● **Exercise goal**
Write out the line that has "Set Implicit Arguments." in it, along with each line that comes after it until the listing ends, and add nothing.
..............................
(* Let $(\mathfrak{g},V,\Theta)$ be a Lie-Leibniz triple with associated graded Lie algebra $T_{\leq-1}$ and differential $\partial$. Then $m\circ\partial+\partial\circ m=0$ on $\Lambda^2(T_{\leq-1})$; that is, for every $i\geq1$, $\partial_{-i}\circ m_{-i-1}=-m_{-i}\circ\partial$ as maps $\Lambda^2(T_{\leq-1})|_{-i-2}\to T_{-i}$, where $\partial$ acts on $\Lambda^2$ as a graded derivation.
   Context: A (left) Leibniz algebra is a vector space $V$ with bilinear $\circ$ satisfying $x\circ(y\circ z)=(x\circ y)\circ z+y\circ(x\circ z)$; $\{x,y\}=\frac12(x\circ y+y\circ x)$. A Lie-Leibniz triple $(\mathfrak{g},V,\Theta)$ consists of a Lie algebra $\mathfrak{g}$, a $\mathfrak{g}$-module $V$ (action $a\cdot x$) with a Leibniz product $\circ$, and a linear map $\Theta:V\to\mathfrak{g}$ with $x\circ y=\Theta(x)\cdot y$ and $\Theta(x\circ y)=[\Theta(x),\Theta(y)]$. Associated graded Lie algebra: let $K$ be the largest $\mathfrak{g}$-submodule of $S^2(V)$ in the kernel of $x\odot y\mapsto\{x,y\}$; $F$ the free graded Lie algebra on $V[1]$ (degree $-1$), $F_{-2}\cong S^2(V)$, $\mathfrak g$ acting by derivations; $K_{-2}=K$, $K_{-i}=\sum_{j=1}^{i-2}[F_{-j},K_{-i+j}]$ ($i\geq3$); $T_{\leq-1}=F/K_\bullet$, $T_{-1}=V[1]$, with induced bracket $\llbracket\,.\,,.\,\rrbracket$ and $\mathfrak{g}$-action. Let $\mathfrak{h}=\mathrm{Im}\Theta$. The differential $\partial=(\partial_{-i}:T_{-i-1}\to T_{-i})_{i\geq1}$ is the unique family of $\mathfrak{h}$-equivariant linear maps with $\partial\llbracket u,v\rrbracket=2\{u,v\}$, $\partial\llbracket u,x\rrbracket=\Theta(u)\cdot x-\llbracket u,\partial x\rrbracket$, $\partial\llbracket x,y\rrbracket=\llbracket\partial x,y\rrbracket+(-1)^{|x|}\llbracket x,\partial y\rrbracket$ ($u,v\in T_{-1}$, $x,y\in T_{\leq-2}$); it is set to $0$ on $T_{-1}$ and extended to $\Lambda^2(T_{\leq-1})$ by $\partial(x\wedge y)=\partial x\wedge y+(-1)^{|x|}x\wedge\partial y$. The map $m:\Lambda^2(T_{\leq-1})\to T_{\leq-1}$ is $m(x\wedge y)=\Theta(x)\cdot y-(-1)^{|x||y|}\Theta(y)\cdot x$ with $\Theta:=0$ on $T_{\leq-2}$ (graded exterior algebra convention $x\wedge y=-(-1)^{|x||y|}y\wedge x$); $m_{-i}$ denotes its component landing in $T_{-i}$. *)

From HB Require Import structures.
From mathcomp Require Import all_boot all_order all_algebra.
Set Implicit Arguments. Unset Strict Implicit. Unset Printing Implicit Defensive.
Import Order.TTheory GRing.Theory Num.Theory.
Local Open Scope ring_scope.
..............................
● **Answer box**
Set Implicit Arguments. Unset Strict Implicit. Unset Printing Implicit Defensive.
Import Order.TTheory GRing.Theory Num.Theory.
Local Open Scope ring_scope.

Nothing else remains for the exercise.